### WORK REQUIRED
Report how many lines in the records below contain the word "realType". Give only the number.

[Stored items]
◆ ◆ ◆ ◆ ◆ ◆ ◆
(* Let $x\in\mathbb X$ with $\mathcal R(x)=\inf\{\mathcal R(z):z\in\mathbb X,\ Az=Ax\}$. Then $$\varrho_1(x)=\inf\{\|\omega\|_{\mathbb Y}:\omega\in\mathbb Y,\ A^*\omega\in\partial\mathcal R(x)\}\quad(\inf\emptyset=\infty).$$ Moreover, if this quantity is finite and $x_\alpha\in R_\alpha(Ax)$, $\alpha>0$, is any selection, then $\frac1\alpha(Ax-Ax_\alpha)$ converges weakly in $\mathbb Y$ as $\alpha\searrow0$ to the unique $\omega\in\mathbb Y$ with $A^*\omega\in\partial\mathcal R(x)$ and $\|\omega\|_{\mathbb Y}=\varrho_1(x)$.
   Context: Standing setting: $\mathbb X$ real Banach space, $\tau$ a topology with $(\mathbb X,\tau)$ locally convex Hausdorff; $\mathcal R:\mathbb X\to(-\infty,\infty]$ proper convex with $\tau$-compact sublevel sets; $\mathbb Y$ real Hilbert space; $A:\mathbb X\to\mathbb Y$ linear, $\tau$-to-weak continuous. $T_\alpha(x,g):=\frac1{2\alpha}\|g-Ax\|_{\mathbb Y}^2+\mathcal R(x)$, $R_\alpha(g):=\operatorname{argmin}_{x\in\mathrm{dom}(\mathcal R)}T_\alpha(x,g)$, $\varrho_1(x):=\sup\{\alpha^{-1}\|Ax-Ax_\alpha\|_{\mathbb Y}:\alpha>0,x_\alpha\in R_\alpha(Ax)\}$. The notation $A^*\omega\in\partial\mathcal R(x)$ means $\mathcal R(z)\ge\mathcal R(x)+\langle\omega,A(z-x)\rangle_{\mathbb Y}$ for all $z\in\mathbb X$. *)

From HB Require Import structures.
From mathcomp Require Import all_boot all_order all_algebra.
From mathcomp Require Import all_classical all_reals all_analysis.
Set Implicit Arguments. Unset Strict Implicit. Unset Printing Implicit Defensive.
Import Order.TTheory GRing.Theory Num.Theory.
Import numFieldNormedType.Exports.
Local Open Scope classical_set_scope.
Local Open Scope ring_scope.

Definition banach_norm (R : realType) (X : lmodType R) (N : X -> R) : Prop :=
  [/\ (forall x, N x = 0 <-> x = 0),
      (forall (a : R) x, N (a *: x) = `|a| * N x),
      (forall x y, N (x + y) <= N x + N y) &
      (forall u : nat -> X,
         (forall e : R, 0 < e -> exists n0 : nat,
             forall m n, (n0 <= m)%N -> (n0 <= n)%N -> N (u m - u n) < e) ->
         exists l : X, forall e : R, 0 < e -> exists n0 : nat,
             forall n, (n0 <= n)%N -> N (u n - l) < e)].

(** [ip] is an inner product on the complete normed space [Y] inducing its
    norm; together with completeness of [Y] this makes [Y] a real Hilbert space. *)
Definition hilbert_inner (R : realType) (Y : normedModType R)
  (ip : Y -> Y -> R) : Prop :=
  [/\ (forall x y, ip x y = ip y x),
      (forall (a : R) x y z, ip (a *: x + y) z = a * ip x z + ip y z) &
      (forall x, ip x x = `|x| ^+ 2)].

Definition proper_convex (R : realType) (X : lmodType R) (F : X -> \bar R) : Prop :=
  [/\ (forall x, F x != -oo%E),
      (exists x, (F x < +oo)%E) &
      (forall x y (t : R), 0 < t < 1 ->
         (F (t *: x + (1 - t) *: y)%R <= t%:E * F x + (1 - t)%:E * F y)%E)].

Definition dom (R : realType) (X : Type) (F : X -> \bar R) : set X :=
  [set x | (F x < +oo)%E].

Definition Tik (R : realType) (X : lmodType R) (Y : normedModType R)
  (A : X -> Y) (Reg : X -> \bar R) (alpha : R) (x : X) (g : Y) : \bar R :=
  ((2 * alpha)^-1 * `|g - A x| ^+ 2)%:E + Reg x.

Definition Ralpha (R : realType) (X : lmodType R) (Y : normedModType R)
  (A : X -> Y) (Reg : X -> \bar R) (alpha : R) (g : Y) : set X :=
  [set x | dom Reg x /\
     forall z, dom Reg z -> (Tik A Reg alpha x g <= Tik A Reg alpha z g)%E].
◆ ◆ ◆ ◆ ◆ ◆ ◆
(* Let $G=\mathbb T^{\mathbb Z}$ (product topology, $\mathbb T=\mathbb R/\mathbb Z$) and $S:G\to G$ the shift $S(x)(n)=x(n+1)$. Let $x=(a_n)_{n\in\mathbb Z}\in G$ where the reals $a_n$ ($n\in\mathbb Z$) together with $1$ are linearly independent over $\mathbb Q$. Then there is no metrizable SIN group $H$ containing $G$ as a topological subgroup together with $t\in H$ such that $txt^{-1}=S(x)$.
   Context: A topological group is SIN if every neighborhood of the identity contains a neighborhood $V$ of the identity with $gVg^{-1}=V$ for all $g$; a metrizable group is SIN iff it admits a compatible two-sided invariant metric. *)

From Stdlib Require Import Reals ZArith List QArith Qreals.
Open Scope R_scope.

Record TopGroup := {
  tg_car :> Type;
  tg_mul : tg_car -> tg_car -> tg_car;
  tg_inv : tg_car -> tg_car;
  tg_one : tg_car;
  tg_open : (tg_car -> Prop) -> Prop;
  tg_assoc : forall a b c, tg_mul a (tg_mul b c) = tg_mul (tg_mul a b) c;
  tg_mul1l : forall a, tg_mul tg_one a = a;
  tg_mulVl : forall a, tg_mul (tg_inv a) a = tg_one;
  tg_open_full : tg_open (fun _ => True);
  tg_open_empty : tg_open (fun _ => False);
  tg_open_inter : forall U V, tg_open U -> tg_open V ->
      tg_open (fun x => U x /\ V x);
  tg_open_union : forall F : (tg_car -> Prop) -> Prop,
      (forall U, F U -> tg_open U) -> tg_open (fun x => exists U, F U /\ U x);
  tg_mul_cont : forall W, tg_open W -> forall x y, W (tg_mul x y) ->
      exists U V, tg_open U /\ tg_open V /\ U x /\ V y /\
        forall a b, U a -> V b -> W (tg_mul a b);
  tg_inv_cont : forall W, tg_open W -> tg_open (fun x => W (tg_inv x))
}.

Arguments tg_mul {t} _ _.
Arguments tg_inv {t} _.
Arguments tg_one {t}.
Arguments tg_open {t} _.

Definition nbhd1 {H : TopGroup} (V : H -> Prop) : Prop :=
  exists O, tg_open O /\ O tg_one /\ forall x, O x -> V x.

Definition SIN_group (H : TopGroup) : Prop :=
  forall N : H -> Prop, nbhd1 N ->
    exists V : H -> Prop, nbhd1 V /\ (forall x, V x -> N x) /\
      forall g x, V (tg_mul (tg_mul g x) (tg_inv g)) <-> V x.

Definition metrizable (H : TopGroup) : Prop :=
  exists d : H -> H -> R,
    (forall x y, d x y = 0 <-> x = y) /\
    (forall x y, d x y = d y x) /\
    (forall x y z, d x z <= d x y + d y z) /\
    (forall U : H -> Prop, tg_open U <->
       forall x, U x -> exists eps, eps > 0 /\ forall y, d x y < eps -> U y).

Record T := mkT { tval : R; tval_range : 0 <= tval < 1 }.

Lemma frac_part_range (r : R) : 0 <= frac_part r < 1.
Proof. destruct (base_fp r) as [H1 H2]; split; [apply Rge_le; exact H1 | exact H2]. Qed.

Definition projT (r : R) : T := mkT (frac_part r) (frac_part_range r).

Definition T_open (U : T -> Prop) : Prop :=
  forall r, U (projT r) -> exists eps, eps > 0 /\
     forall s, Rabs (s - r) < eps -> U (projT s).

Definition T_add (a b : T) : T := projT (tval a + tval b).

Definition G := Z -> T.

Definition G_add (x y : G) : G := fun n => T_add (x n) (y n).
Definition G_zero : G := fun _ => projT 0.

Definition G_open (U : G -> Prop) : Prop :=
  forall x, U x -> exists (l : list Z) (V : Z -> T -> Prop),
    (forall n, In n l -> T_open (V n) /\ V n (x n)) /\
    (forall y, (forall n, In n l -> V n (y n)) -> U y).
◆ ◆ ◆ ◆ ◆ ◆ ◆
### WRITTEN REPLY
6